With so many opportunities, including access to education, women can attend college after graduating from high school and later pursue a wide range of careers that were once unavailable to them. According to research, gender parity reached in the 1980s made it possible for women to outpace men in enrollment to postsecondary institutions, degree attainment, and entrance into graduate degree programs, with women more likely to complete their degree and graduate sooner than their male counterparts who receive a bachelor’s degree. It may not be surprising, then, that the average age of marriage as well as first childbirth for women is rising as compared to twenty years ago. The census also found that women today are delaying parenthood and marriage, with parenthood likely to precede marriage for many women.
A New Approach to Having It All
If you’re a woman, then you’re probably familiar with the phrase “having it all,” and chances are it is somewhere on your wish list. According to a New York Times article, the expression, which refers to finding balance and success in your personal and professional life, dates back to the 1980s, where it was popularized by Helen Gurley Brown’s best seller book, Having It All: Love, Success, Sex, and Money…Even If You’re Starting with Nothing, published in 1982. 40 years later, this short, rather vague phrase still incites a lot of debate on whether women can balance career and family and excel at both. What’s for certain, however, is the fact that the term continues to burden women with societal expectations.
In today’s digital age, where we are constantly bombarded with over-the-top feeds of people — some below the legal drinking age — who are living the kind of life that most of us can only dream of, it is easy to feel like you are running out of time and your chances of “having it all” getting slimmer with each passing year. But why compare your behind-the-scenes to someone else’s highlight reel? The fact that some people are able to achieve certain things in their 20s, and some aren’t, does not make either one a default timeline for everyone.
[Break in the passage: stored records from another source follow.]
(* Let $\mu\in\mathbb{R}$, $\sigma^2>0$, and let $f(x)=\frac{1}{x\sqrt{2\pi\sigma^2}}\exp\left\{-\frac{(\log x-\mu)^2}{2\sigma^2}\right\}$ for $x\in(0,\infty)$ be the log-normal density. Then for every real $p\in(0,\infty)$, the number $\nu_p=\exp\left\{\mu+\frac{p-1}{2}\sigma^2\right\}$ satisfies $$\int_0^{\nu_p} y^{p-1} f(\nu_p-y)\,dy=\int_0^{\infty} y^{p-1} f(\nu_p+y)\,dy.$$ *)

From HB Require Import structures.
From mathcomp Require Import all_boot all_order all_algebra.
From mathcomp Require Import all_classical all_reals all_analysis.
Set Implicit Arguments. Unset Strict Implicit. Unset Printing Implicit Defensive.
Import Order.TTheory GRing.Theory Num.Theory.
Local Open Scope ring_scope.

(* Log-normal density with parameters mu and s2 = sigma^2, defined on (0,oo);
   extended by 0 outside (0,oo) (only values on (0,oo) are used). *)
Definition lognormal_pdf (R : realType) (mu s2 : R) (x : R) : R :=
  if 0 < x then
    (x * Num.sqrt (2 * pi * s2))^-1 * expR (- ((ln x - mu) ^+ 2) / (2 * s2))
  else 0.

From HB Require Import structures.
From mathcomp Require Import all_boot all_order all_algebra.
From mathcomp Require Import all_classical all_reals all_analysis.
From mathcomp Require Import ring.
From mathcomp Require Import measurable_realfun.
Import Order.TTheory GRing.Theory Num.Theory.
Import numFieldNormedType.Exports.
Local Open Scope ring_scope.
Local Open Scope classical_set_scope.

(** The substitution x = nu y / (nu + y), the parallel sum of nu and y, maps
    ]0, +oo[ increasingly onto ]0, nu[, with nu - x = nu^2 / (nu + y) and
    dx/dy = (nu / (nu + y))^2.  In logarithmic coordinates z |-> nu^2 / z is the
    reflection about ln nu, and for nu = exp(mu + (p - 1) sigma^2 / 2) the
    log-normal density satisfies f(z) = (nu / z)^(p + 1) f(nu^2 / z); these
    factors cancel exactly against x^(p-1) = y^(p-1) (nu / (nu + y))^(p-1) and
    the Jacobian, so the two integrands agree pointwise after substitution.
    As the integrands may be singular at the endpoints, the substitution is
    performed on the compact intervals [1/(n+1), n+1] and passed to the limit by
    monotone convergence. *)

Section exhaustion.
Context {R : realType}.

Lemma bigcup_itv_pos :
  \bigcup_n `[n.+1%:R^-1, n.+1%:R] = `]0, +oo[%classic :> set R.
Proof.
apply/seteqP; split => [y [n _]|y].
  rewrite /= !in_itv /= andbT => /andP[+ _]; apply: lt_le_trans.
  by rewrite invr_gt0 ltr0n.
rewrite /= in_itv /= andbT => y0.
set n := Num.truncn (y + y^-1).
have y_lt : y + y^-1 < n.+1%:R := truncnS_gt _.
exists n => //=; rewrite in_itv /=; apply/andP; split.
  rewrite -[leRHS]invrK lef_pV2 ?posrE ?ltr0n ?invr_gt0 //.
  by rewrite (le_trans _ (ltW y_lt)) // lerDr ltW.
by rewrite (le_trans _ (ltW y_lt)) // lerDl ltW // invr_gt0.
Qed.

Lemma nondecreasing_itv_pos :
  nondecreasing_seq (fun n => `[n.+1%:R^-1, n.+1%:R]%classic : set R).
Proof.
move=> n m nm; rewrite subsetEset => y /=; rewrite !in_itv /= => /andP[ay yb].
rewrite (le_trans _ ay) ?(le_trans yb) ?ler_nat ?ltnS //.
by rewrite lef_pV2 ?posrE ?ltr0n // ler_nat ltnS.
Qed.

Lemma eq_ge0_integral_bigcup d1 d2 (T1 : measurableType d1)
    (T2 : measurableType d2) (mu1 : measure T1 R) (mu2 : measure T2 R)
    (A : (set T1)^nat) (B : (set T2)^nat) (f : T1 -> \bar R) (g : T2 -> \bar R) :
  nondecreasing_seq A -> nondecreasing_seq B ->
  (forall n, measurable (A n)) -> (forall n, measurable (B n)) ->
  (forall n, measurable_fun (A n) f) -> (forall n, measurable_fun (B n) g) ->
  (forall n x, A n x -> 0 <= f x)%E -> (forall n y, B n y -> 0 <= g y)%E ->
  (forall n, \int[mu1]_(x in A n) f x = \int[mu2]_(y in B n) g y)%E ->
  (\int[mu1]_(x in \bigcup_n A n) f x = \int[mu2]_(y in \bigcup_n B n) g y)%E.
Proof.
move=> ndA ndB mA mB mf mg f0 g0 fg.
have := ge0_nondecreasing_set_cvg_integral (mu := mu1) ndA mA mf f0.
rewrite (funext fg) => cvgA.
exact: cvg_unique cvgA (ge0_nondecreasing_set_cvg_integral (mu := mu2) ndB mB mg g0).
Qed.

End exhaustion.

Section increasing_substitution_itv0y.
Context {R : realType}.
Variables (F G : R -> R) (c d : R).
Hypothesis dF : {in `]0, +oo[%R, forall y, derivable F y 1}.
Hypothesis cF' : {in `]0, +oo[%R, continuous F^`()}.
Hypothesis F'_gt0 : {in `]0, +oo[%R, forall y, 0 < F^`() y}.
Hypothesis imF : F @` `]0, +oo[ = `]c, d[.
Hypothesis cG : {in `]c, d[%R, continuous G}.
Hypothesis G_ge0 : {in `]c, d[%R, forall x, 0 <= G x}.

Let pos_in {y : R} : 0 < y -> y \in `]0, +oo[%R.
Proof. by rewrite in_itv /= andbT. Qed.

Let cF {y : R} : 0 < y -> {for y, continuous F}.
Proof.
by move=> y0; apply/differentiable_continuous/derivable1_diffP/dF/pos_in.
Qed.

Let F_in {y : R} : 0 < y -> F y \in `]c, d[%R.
Proof.
move=> y0; suff : `]c, d[%classic (F y) by [].
by rewrite -imF; exists y => //; exact: pos_in.
Qed.

Let F_lt {x y : R} : 0 < x -> x < y -> F x < F y.
Proof.
move=> x0 xy; have y0 := lt_trans x0 xy.
apply: (@gtr0_derive1_incr _ F x y) => //.
- by move=> z; rewrite in_itv /= => /andP[xz _]; apply/dF/pos_in/(lt_trans x0).
- by move=> z; rewrite in_itv /= => /andP[xz _]; apply/F'_gt0/pos_in/(lt_trans x0).
apply: continuous_in_subspaceT => z; rewrite inE /= in_itv /= => /andP[xz _].
exact/cF/(lt_le_trans x0).
Qed.

Let F_le {x y : R} : 0 < x -> x <= y -> F x <= F y.
Proof. by move=> x0; rewrite le_eqVlt => /predU1P[->//|xy]; exact/ltW/F_lt. Qed.

Let itv_F_sub {a b : R} : 0 < a -> a <= b -> {subset `[F a, F b]%R <= `]c, d[%R}.
Proof.
move=> a0 ab x; rewrite !in_itv /= => /andP[Fax xFb].
move: (F_in a0) (F_in (lt_le_trans a0 ab)).
rewrite !in_itv /= => /andP[cFa _] /andP[_ Fbd].
by rewrite (lt_le_trans cFa Fax) (le_lt_trans xFb Fbd).
Qed.

Let integration_by_substitution_cc (a b : R) : 0 < a -> a <= b ->
  (\int[lebesgue_measure]_(x in `[F a, F b]) (G x)%:E =
   \int[lebesgue_measure]_(y in `[a, b]) (((G \o F) * F^`()%classic) y)%:E)%E.
Proof.
move=> a0 ab; have b0 := lt_le_trans a0 ab.
apply: (@integration_by_substitution_increasing R F G a b ab).
- by move=> x y; rewrite !in_itv /= => /andP[ax _] _; apply/F_lt/(lt_le_trans a0).
- by move=> x; rewrite in_itv /= => /andP[ax _]; apply/cF'/pos_in/(lt_trans a0).
- by apply/cvg_ex; exists (F^`() a); apply/cvg_at_right_filter/cF'/pos_in.
- by apply/cvg_ex; exists (F^`() b); apply/cvg_at_left_filter/cF'/pos_in.
- split; [|exact/cvg_at_right_filter/cF|exact/cvg_at_left_filter/cF].
  by move=> x; rewrite in_itv /= => /andP[ax _]; apply/dF/pos_in/(lt_trans a0).
by apply: continuous_in_subspaceT => x /[!inE] /(itv_F_sub a0 ab) /cG.
Qed.

Lemma increasing_ge0_integration_by_substitution_itv0y :
  (\int[lebesgue_measure]_(x in `]c, d[) (G x)%:E =
   \int[lebesgue_measure]_(y in `]0%R, +oo[) (((G \o F) * F^`()%classic) y)%:E)%E.
Proof.
pose a n : R := n.+1%:R^-1; pose b n : R := n.+1%:R.
have a0 n : 0 < a n by rewrite invr_gt0 ltr0n.
have ab n : a n <= b n.
  by rewrite (@le_trans _ _ 1) ?invf_le1 ?ler1n ?ltr0n.
pose A n := `[F (a n), F (b n)]%classic.
have UA : \bigcup_n A n = `]c, d[.
  apply/seteqP; split => [x [n _ /(itv_F_sub (a0 n) (ab n))] //|].
  rewrite -imF => _ [y + <-]; rewrite -bigcup_itv_pos => -[n _ /=].
  rewrite in_itv /= => /andP[ay yb].
  by exists n => //; rewrite /A /= in_itv /= !F_le ?(lt_le_trans (a0 n) ay).
have ndA : nondecreasing_seq A.
  move=> n m nm; rewrite subsetEset => x; rewrite /A /= !in_itv /= => /andP[Fax xFb].
  have amn : a m <= a n by rewrite lef_pV2 ?posrE ?ltr0n // ler_nat ltnS.
  have bnm : b n <= b m by rewrite ler_nat ltnS.
  by rewrite (le_trans _ Fax) ?(le_trans xFb) ?F_le ?(lt_le_trans (a0 n) (ab n)).
have mG : measurable_fun `]c, d[ G.
  apply: open_continuous_measurable_fun; first exact: interval_open.
  by move=> x /[!inE]; exact: cG.
have mGF : measurable_fun (`]0, +oo[ : set R) ((G \o F) * F^`()%classic).
  apply: open_continuous_measurable_fun; first exact: interval_open.
  move=> y; rewrite inE /= in_itv /= andbT => y0.
  apply: continuousM; last exact/cF'/pos_in.
  by apply: continuous_comp; [exact: cF | exact/cG/F_in].
have A_sub n : A n `<=` `]c, d[ by rewrite -UA; exact: bigcup_sup.
have B_sub n : `[n.+1%:R^-1, n.+1%:R] `<=` (`]0, +oo[ : set R).
  by rewrite -bigcup_itv_pos => y By; exists n.
rewrite -UA -bigcup_itv_pos.
apply: eq_ge0_integral_bigcup => //.
- exact: nondecreasing_itv_pos.
- by move=> n; exact: measurable_itv.
- by move=> n; apply/measurable_EFinP; exact: measurable_funS _ (A_sub n) mG.
- by move=> n; apply/measurable_EFinP; exact: measurable_funS _ (B_sub n) mGF.
- by move=> n x /A_sub cdx; rewrite lee_fin; apply: G_ge0.
- move=> n y /B_sub; rewrite /= in_itv /= andbT => y0.
  by rewrite lee_fin /= mulr_ge0 ?G_ge0 ?F_in // ltW // F'_gt0 ?pos_in.
- by move=> n; exact: integration_by_substitution_cc.
Qed.

End increasing_substitution_itv0y.

Section parallel.
Context {R : realType}.

Definition parallel (nu y : R) := nu * y / (nu + y).

Lemma is_derive_parallel {nu y : R} : nu + y != 0 ->
  is_derive y 1 (parallel nu) (nu ^+ 2 / (nu + y) ^+ 2).
Proof.
move=> nuy0.
have dnum : is_derive y (1 : R) (fun z => nu * z) nu.
  by have := is_deriveZ nu (is_derive_id y (1 : R)); rewrite /GRing.scale /= mulr1.
have dden : is_derive y (1 : R) (fun z => nu + z) 1.
  by have := is_deriveD (is_derive_cst nu y (1 : R)) (is_derive_id y 1); rewrite add0r.
apply: is_derive_eq (is_deriveM dnum (is_deriveV nuy0 dden)) _.
by rewrite /GRing.scale /=; field.
Qed.

Lemma derive1_parallel {nu y : R} : nu + y != 0 ->
  (parallel nu)^`() y = nu ^+ 2 / (nu + y) ^+ 2.
Proof. by move=> nuy0; rewrite derive1E; exact/derive_val/is_derive_parallel. Qed.

Lemma subr_parallel {nu y : R} : nu + y != 0 ->
  nu - parallel nu y = nu ^+ 2 / (nu + y).
Proof. by move=> nuy0; rewrite /parallel; field. Qed.

Variable nu : R.
Hypothesis nu_gt0 : 0 < nu.

Let pos_neq0 {y : R} : 0 < y -> nu + y != 0.
Proof. by move=> y0; rewrite gt_eqF // addr_gt0. Qed.

Lemma image_parallel : parallel nu @` `]0, +oo[ = `]0, nu[.
Proof.
apply/seteqP; split => [_ [y /= + <-]|x /=]; rewrite !in_itv /= ?andbT.
  move=> y0; rewrite divr_gt0 ?mulr_gt0 ?addr_gt0 //= -subr_gt0.
  by rewrite subr_parallel ?pos_neq0 // divr_gt0 ?exprn_gt0 ?addr_gt0.
move=> /andP[x0 xnu]; have nux0 : nu - x != 0 by rewrite gt_eqF ?subr_gt0.
exists (nu * x / (nu - x)).
  by rewrite /= in_itv /= andbT divr_gt0 ?mulr_gt0 ?subr_gt0.
rewrite /parallel; have -> : nu + nu * x / (nu - x) = nu ^+ 2 / (nu - x) by field.
by field; rewrite nux0 gt_eqF.
Qed.

Lemma derive1_parallel_gt0 (y : R) : 0 < y -> 0 < (parallel nu)^`() y.
Proof.
by move=> y0; rewrite derive1_parallel ?pos_neq0 // divr_gt0 ?exprn_gt0 ?addr_gt0.
Qed.

Lemma derivable_parallel (y : R) : 0 < y -> derivable (parallel nu) y 1.
Proof. by move=> y0; have [] := is_derive_parallel (pos_neq0 y0). Qed.

Lemma continuous_derive1_parallel (y : R) : 0 < y ->
  {for y, continuous (parallel nu)^`()}.
Proof.
move=> y0; have nuy0 := pos_neq0 y0.
have near_eq : \forall z \near y, nu ^+ 2 / (nu + z) ^+ 2 = (parallel nu)^`() z.
  near=> z; rewrite derive1_parallel ?pos_neq0 //; near: z; exact: lt_nbhsr.
apply: cvg_trans (near_eq_cvg near_eq) _.
rewrite derive1_parallel //; apply: cvgMr; apply: cvgV; first by rewrite expf_neq0.
rewrite expr2.
by apply: cvgM; (apply: cvgD; [exact: cvg_cst | exact: cvg_id]).
Unshelve. all: by end_near.
Qed.

End parallel.

Lemma continuous_powR {R : realType} (r x : R) : 0 < x ->
  {for x, continuous (fun y => y `^ r)}.
Proof.
move=> x0; have := @derivable_powR R 1 r x; rewrite in_itv /= x0 => /(_ isT).
by move/derivable1_diffP/differentiable_continuous.
Qed.

Section lognormal.
Context {R : realType}.
Variables (mu s2 : R).

Lemma lognormal_pdf_ge0 (x : R) : 0 <= lognormal_pdf mu s2 x.
Proof.
rewrite /lognormal_pdf; case: ifP => // x0.
by rewrite mulr_ge0 ?expR_ge0 // invr_ge0 mulr_ge0 ?sqrtr_ge0 // ltW.
Qed.

Lemma continuous_lognormal_pdf (x : R) : 0 < s2 -> 0 < x ->
  {for x, continuous (lognormal_pdf mu s2)}.
Proof.
move=> s20 x0.
pose g y :=
  (y * Num.sqrt (2 * pi * s2))^-1 * expR (- ((ln y - mu) ^+ 2) / (2 * s2)).
have near_eq : \forall y \near x, g y = lognormal_pdf mu s2 y.
  near=> y; rewrite /lognormal_pdf ifT //; near: y; exact: lt_nbhsr.
apply: cvg_trans (near_eq_cvg near_eq) _.
rewrite /lognormal_pdf ifT //; apply: cvgM.
  apply: cvgV; last by apply: cvgMl; exact: cvg_id.
  by rewrite mulf_neq0 ?gt_eqF // sqrtr_gt0 !mulr_gt0 // pi_gt0.
apply: continuous_comp; last exact: continuous_expR.
apply: cvgMl; apply: cvgN; rewrite expr2.
by apply: cvgM; (apply: cvgB; [exact: continuous_ln | exact: cvg_cst]).
Unshelve. all: by end_near.
Qed.

Lemma lognormal_pdf_reflect {p nu z : R} : s2 != 0 ->
  nu = expR (mu + (p - 1) / 2 * s2) -> 0 < z ->
  lognormal_pdf mu s2 z = (nu / z) `^ (p + 1) * lognormal_pdf mu s2 (nu ^+ 2 / z).
Proof.
move=> s20 -> z0; rewrite -(lnK z0); set L := mu + _; set t := ln z.
rewrite -expRM_natr -!expRB -expRM /lognormal_pdf !ifT ?expR_gt0 // !expRK.
set c := Num.sqrt _; rewrite !invfM -!expRN.
rewrite [LHS]mulrAC -expRD !mulrA -expRD [RHS]mulrAC -expRD.
by congr (expR _ * _); rewrite /L; field.
Qed.

End lognormal.

Lemma lognormal_pdf_parallel {R : realType} (mu s2 p nu y : R) : s2 != 0 ->
  nu = expR (mu + (p - 1) / 2 * s2) -> 0 < y ->
  (parallel nu y) `^ (p - 1) * lognormal_pdf mu s2 (nu - parallel nu y)
    * (parallel nu)^`()%classic y
  = y `^ (p - 1) * lognormal_pdf mu s2 (nu + y).
Proof.
move=> s20 nuE y0; have nu0 : 0 < nu by rewrite nuE expR_gt0.
have z0 : 0 < nu + y by rewrite addr_gt0.
have t0 : 0 < nu / (nu + y) by rewrite divr_gt0.
rewrite derive1_parallel ?gt_eqF // subr_parallel ?gt_eqF //.
rewrite (lognormal_pdf_reflect mu s2 s20 nuE z0).
have -> : parallel nu y = y * (nu / (nu + y)) by rewrite /parallel mulrCA mulrA.
set t := nu / (nu + y).
have -> : t `^ (p + 1) = t `^ (p - 1) * t ^+ 2.
  have -> : p + 1 = p - 1 + 2%:R by ring.
  by rewrite powRD ?powR_mulrn ?ltW // (gt_eqF t0) implybT.
by rewrite powRM ?ltW // expr_div_n -/t; ring.
Qed.

Theorem theorem2 (R : realType) (mu s2 p : R) (hs2 : 0 < s2) (hp : 0 < p) :
  let nu := expR (mu + (p - 1) / 2 * s2) in
  (\int[lebesgue_measure]_(y in `]0%R, nu[%classic)
      (y `^ (p - 1) * lognormal_pdf mu s2 (nu - y))%:E
   = \int[lebesgue_measure]_(y in `]0%R, +oo[%classic)
      (y `^ (p - 1) * lognormal_pdf mu s2 (nu + y))%:E)%E.
Proof.
move=> nu; have nu_gt0 : 0 < nu := expR_gt0 _.
rewrite (@increasing_ge0_integration_by_substitution_itv0y _ (parallel nu)).
- apply: eq_integral => y; rewrite inE /= in_itv /= andbT => y0; congr EFin.
  exact: lognormal_pdf_parallel (lt0r_neq0 hs2) erefl y0.
- by move=> y; rewrite in_itv /= andbT; exact: derivable_parallel.
- by move=> y; rewrite in_itv /= andbT; exact: continuous_derive1_parallel.
- by move=> y; rewrite in_itv /= andbT; exact: derive1_parallel_gt0.
- exact: image_parallel.
- move=> x; rewrite in_itv /= => /andP[x0 xnu]; apply: cvgM.
    exact: continuous_powR.
  apply: (@continuous_comp _ _ _ (fun y => nu - y) (lognormal_pdf mu s2)).
    by apply: cvgB; [exact: cvg_cst | exact: cvg_id].
  by apply: continuous_lognormal_pdf; rewrite ?subr_gt0.
- by move=> x _; rewrite mulr_ge0 ?powR_ge0 ?lognormal_pdf_ge0.
Qed.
Today, the concept of “having it all” has taken on new and diverse meaning. Different factors, including experience, mindset, as well as culture and class differences, shape an individual’s definition of “having it all” and determines how and when they achieve certain milestones. Most often than not, ticking all the societal boxes does not equal happiness. In large part, happiness comes from contentment, which is determined by how you feel within yourself. What you have or have not achieved by a certain age does not matter as long as you are living a purposeful life and are at peace with who and where you are. While having it all may mean a well-paying job, marriage, and kids to one woman, to another, the concept may simply mean living a life of their own choosing that aligns with their value systems and devoid of internal and/or external conflict.
There’s no one way to do life and no one-size-fits-all timeline. Some people will be great parents at 24, and others will still depend on their parents at 29. Life is fundamentally unpredictable and ever-changing, and so are we and our life directions. It is okay if you’re still figuring things out — heck, it is okay to be single at 30. Every distinct age is a life event worth celebrating, that should be free of societal-imposed milestones.